## Work instruction
Check each line of the records for "with"; collect those that have it.

## Supplied material
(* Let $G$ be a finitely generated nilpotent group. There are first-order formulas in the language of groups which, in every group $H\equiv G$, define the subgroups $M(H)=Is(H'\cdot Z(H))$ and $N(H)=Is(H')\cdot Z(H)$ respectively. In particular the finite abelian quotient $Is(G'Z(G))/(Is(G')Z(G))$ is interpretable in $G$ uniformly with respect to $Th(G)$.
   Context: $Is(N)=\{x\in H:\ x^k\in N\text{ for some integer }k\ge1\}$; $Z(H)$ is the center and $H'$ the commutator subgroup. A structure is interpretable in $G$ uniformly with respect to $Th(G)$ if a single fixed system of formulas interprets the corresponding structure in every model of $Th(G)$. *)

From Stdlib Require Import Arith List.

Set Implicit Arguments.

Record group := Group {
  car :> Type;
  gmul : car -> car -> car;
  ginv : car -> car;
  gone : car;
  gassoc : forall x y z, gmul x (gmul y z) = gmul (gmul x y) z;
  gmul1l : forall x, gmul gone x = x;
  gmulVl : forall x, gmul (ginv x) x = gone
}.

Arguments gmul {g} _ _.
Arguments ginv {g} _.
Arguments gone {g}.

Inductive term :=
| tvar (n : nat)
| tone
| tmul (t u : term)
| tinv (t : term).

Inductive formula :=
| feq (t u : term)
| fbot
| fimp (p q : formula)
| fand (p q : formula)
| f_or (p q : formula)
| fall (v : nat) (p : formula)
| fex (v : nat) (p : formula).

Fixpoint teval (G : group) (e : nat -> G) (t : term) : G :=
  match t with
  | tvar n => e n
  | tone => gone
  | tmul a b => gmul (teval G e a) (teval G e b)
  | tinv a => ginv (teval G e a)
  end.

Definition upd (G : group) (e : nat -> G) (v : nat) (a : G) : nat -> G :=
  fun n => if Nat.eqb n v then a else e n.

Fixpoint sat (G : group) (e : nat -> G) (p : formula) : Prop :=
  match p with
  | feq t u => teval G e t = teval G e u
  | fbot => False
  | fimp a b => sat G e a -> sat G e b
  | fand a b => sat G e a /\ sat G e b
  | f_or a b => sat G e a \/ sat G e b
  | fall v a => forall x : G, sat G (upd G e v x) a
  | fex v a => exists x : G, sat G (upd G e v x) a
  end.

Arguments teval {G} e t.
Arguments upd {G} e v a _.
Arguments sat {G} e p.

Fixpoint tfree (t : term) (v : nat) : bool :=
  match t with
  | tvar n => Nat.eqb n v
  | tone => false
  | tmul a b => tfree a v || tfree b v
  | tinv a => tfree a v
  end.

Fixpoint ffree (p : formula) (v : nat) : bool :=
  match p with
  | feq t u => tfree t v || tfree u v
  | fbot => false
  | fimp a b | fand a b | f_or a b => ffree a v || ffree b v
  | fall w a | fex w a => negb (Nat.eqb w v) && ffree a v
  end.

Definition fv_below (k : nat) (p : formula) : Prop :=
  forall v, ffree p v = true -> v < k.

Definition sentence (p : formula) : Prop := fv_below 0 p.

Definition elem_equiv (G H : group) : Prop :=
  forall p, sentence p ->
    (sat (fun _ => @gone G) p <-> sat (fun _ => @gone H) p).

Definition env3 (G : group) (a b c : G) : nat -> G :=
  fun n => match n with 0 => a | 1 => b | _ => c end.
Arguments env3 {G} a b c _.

--

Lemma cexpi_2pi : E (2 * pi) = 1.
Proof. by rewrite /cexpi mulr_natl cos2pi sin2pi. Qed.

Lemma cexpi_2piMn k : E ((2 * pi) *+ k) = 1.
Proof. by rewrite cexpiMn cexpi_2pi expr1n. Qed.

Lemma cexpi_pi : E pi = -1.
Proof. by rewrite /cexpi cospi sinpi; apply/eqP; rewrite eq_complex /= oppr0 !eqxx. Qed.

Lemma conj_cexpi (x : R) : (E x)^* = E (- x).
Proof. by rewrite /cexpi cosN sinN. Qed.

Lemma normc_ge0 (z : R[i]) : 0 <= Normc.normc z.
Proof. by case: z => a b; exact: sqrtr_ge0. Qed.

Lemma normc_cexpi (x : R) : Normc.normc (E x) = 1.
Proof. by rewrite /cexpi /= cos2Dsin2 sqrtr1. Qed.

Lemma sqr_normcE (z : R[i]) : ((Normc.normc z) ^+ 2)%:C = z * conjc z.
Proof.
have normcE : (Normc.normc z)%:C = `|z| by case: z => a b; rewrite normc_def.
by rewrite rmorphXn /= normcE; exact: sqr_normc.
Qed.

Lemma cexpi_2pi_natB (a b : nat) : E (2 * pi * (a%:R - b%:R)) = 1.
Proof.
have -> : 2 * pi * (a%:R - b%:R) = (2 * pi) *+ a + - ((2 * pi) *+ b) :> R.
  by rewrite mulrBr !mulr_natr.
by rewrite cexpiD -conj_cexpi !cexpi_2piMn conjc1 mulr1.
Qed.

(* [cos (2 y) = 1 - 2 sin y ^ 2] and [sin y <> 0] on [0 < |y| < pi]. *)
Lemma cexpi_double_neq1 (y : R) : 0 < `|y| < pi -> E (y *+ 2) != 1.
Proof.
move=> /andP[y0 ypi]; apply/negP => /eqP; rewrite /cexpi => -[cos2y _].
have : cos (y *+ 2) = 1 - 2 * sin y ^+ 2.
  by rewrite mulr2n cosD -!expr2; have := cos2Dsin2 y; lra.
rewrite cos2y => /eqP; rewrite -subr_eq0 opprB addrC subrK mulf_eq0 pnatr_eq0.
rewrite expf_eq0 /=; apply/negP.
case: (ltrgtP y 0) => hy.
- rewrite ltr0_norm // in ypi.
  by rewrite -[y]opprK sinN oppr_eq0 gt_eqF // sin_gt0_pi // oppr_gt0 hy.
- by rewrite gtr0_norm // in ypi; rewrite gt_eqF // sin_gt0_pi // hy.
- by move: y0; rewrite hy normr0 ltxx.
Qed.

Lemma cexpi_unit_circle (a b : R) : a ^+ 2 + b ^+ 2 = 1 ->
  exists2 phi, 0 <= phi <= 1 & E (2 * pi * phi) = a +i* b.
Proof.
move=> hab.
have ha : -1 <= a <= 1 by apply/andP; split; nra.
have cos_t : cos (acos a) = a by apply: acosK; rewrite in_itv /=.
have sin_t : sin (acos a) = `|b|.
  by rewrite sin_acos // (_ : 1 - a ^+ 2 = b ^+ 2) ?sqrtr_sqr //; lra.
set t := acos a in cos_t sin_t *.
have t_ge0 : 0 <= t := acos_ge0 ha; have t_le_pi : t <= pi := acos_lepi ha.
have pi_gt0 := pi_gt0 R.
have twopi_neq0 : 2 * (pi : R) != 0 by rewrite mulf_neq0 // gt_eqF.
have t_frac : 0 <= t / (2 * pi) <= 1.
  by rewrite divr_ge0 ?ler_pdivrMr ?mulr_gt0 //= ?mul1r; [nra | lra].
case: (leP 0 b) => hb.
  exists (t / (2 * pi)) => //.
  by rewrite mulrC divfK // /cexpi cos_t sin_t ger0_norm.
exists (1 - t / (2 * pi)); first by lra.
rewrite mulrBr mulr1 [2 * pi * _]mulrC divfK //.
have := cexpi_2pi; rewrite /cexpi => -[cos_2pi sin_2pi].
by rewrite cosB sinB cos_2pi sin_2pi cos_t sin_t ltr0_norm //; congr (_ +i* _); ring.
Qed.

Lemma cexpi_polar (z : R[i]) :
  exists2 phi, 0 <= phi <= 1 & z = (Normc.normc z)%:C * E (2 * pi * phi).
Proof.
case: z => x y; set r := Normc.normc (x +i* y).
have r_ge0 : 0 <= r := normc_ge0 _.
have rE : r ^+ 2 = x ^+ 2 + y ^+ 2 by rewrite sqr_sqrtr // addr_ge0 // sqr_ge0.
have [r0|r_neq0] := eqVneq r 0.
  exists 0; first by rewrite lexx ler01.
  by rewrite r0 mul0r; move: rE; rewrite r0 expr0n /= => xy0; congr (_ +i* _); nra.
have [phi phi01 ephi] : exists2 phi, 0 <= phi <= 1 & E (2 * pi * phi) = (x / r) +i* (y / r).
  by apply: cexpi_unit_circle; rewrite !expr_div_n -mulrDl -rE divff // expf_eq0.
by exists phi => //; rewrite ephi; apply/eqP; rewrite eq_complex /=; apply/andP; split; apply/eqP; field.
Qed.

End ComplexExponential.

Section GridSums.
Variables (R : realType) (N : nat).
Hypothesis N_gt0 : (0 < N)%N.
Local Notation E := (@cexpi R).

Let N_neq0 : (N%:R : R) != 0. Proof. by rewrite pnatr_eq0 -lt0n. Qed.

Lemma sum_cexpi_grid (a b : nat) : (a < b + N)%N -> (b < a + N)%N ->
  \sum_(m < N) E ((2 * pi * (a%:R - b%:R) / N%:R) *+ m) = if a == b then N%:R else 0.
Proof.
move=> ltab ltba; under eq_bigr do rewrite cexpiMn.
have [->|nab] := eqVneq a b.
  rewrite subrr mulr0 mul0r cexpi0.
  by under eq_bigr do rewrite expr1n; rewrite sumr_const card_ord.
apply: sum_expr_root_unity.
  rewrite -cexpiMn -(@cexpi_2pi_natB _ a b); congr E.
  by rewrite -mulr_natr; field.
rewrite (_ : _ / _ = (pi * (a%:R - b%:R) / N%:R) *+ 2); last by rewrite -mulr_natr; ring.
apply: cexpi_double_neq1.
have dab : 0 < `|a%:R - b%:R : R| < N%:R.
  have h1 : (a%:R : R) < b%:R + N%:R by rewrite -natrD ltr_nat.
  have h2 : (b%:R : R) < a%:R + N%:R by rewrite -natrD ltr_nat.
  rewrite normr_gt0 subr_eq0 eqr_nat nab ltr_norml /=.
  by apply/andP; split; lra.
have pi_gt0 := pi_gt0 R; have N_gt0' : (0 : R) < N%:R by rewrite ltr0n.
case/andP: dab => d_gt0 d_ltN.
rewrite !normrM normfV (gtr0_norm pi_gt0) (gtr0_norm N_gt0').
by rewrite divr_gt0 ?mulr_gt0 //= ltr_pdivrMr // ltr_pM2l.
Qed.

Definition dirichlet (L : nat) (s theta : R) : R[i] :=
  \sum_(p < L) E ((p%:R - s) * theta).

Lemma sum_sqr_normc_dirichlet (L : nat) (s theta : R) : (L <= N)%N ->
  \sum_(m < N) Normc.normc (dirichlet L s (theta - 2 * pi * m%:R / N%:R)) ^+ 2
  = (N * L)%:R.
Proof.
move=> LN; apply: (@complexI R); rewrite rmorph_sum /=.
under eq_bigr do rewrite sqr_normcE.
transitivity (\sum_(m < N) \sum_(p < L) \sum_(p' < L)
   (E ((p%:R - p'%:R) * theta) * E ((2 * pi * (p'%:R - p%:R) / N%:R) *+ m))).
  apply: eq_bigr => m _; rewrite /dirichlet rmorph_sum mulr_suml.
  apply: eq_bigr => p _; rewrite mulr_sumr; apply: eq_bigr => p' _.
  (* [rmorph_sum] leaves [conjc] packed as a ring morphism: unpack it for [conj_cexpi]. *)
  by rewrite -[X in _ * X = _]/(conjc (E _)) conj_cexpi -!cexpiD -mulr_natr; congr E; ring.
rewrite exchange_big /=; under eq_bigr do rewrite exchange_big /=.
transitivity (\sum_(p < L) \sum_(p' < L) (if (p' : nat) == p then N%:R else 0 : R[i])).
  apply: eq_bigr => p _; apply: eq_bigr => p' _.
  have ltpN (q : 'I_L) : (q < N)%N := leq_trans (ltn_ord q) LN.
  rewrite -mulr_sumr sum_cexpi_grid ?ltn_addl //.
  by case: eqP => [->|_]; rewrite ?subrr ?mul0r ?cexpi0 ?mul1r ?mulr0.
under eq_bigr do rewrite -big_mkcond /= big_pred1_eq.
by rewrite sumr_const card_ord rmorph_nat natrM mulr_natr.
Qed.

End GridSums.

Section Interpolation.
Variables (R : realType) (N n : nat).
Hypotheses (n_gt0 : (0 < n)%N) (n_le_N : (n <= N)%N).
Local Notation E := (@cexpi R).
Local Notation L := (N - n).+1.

* * *

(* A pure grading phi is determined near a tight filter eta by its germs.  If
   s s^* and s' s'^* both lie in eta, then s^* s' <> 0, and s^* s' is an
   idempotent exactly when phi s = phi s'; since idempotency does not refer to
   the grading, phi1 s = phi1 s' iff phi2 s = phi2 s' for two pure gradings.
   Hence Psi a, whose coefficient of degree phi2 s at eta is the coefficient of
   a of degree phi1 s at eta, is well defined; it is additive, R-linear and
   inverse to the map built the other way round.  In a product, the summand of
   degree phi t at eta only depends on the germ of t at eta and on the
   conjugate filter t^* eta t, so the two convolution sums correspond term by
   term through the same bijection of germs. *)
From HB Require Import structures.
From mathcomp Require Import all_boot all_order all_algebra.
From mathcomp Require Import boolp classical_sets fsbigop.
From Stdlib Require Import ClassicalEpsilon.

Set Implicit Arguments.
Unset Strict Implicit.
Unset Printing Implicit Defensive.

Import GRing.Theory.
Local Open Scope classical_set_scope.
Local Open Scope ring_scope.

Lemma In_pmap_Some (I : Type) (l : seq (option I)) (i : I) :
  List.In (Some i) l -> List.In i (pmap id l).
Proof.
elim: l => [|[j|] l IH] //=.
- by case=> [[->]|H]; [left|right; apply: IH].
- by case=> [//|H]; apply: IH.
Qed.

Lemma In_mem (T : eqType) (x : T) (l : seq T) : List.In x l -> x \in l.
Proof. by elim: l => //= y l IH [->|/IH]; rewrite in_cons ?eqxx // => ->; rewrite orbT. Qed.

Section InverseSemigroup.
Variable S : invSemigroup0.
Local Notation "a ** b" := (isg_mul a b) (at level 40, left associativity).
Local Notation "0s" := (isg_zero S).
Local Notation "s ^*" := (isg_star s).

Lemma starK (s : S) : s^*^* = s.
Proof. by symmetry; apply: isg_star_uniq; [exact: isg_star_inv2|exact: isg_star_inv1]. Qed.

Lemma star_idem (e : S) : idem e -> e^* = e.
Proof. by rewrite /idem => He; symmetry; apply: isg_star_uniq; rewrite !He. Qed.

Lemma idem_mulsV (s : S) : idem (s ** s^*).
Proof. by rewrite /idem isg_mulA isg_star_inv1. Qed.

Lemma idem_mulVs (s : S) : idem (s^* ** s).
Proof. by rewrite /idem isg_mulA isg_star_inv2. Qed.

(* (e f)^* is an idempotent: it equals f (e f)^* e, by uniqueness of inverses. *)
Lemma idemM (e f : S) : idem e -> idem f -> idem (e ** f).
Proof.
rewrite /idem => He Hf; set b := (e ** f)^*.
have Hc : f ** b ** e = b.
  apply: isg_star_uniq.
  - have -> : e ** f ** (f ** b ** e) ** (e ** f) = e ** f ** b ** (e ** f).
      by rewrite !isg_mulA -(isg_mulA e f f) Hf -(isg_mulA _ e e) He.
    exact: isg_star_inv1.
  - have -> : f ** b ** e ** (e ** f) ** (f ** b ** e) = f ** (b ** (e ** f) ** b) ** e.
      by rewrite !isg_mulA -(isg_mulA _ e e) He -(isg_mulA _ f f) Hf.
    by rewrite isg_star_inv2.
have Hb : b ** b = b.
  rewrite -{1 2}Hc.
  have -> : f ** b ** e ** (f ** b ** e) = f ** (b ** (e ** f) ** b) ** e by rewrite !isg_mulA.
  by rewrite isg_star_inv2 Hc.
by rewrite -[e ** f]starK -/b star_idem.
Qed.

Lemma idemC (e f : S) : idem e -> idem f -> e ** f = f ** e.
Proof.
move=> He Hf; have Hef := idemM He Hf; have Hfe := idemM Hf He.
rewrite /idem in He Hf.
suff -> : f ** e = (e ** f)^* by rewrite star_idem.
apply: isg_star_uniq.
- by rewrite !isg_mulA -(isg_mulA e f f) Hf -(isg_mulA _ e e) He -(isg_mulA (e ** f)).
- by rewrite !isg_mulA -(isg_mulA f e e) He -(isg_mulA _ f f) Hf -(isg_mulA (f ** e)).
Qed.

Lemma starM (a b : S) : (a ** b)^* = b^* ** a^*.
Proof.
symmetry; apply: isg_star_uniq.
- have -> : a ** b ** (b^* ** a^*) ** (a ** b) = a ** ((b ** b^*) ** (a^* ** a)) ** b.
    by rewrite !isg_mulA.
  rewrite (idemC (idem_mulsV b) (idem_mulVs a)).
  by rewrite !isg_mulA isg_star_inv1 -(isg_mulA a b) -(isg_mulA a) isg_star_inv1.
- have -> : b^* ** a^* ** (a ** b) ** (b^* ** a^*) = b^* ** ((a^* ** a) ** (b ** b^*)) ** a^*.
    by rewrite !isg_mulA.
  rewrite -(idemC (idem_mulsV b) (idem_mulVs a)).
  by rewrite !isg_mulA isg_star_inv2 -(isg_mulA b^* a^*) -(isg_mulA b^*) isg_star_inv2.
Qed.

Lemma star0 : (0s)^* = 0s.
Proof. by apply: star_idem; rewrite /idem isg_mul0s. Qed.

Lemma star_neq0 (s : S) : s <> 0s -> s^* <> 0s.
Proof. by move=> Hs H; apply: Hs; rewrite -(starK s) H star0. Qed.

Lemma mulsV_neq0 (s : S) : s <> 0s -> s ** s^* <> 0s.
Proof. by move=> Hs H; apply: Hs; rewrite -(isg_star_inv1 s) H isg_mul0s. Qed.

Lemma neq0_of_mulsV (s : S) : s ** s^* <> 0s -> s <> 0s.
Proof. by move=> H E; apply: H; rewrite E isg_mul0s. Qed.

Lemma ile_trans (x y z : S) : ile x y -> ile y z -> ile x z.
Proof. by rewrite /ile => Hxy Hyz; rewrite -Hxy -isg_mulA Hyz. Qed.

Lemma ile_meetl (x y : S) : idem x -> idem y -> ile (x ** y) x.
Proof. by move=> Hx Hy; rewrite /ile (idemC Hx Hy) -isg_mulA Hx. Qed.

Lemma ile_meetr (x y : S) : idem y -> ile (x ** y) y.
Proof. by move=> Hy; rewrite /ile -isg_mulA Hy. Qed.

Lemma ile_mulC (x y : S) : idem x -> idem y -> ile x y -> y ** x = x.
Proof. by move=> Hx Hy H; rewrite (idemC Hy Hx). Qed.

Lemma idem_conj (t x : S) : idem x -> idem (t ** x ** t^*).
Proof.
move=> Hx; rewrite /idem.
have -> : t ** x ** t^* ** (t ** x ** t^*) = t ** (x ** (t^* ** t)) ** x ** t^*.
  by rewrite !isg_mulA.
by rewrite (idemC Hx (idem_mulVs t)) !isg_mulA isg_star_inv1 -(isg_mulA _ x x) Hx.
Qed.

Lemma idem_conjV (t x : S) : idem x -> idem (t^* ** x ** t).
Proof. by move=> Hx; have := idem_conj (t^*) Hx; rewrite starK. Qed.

## Answer to the problem
(* Let $G$ be a finitely generated nilpotent group. There are first-order formulas in the language of groups which, in every group $H\equiv G$, define the subgroups $M(H)=Is(H'\cdot Z(H))$ and $N(H)=Is(H')\cdot Z(H)$ respectively. In particular the finite abelian quotient $Is(G'Z(G))/(Is(G')Z(G))$ is interpretable in $G$ uniformly with respect to $Th(G)$.
   Context: $Is(N)=\{x\in H:\ x^k\in N\text{ for some integer }k\ge1\}$; $Z(H)$ is the center and $H'$ the commutator subgroup. A structure is interpretable in $G$ uniformly with respect to $Th(G)$ if a single fixed system of formulas interprets the corresponding structure in every model of $Th(G)$. *)
  match t with
  match p with
  match t with
  match p with
  fun n => match n with 0 => a | 1 => b | _ => c end.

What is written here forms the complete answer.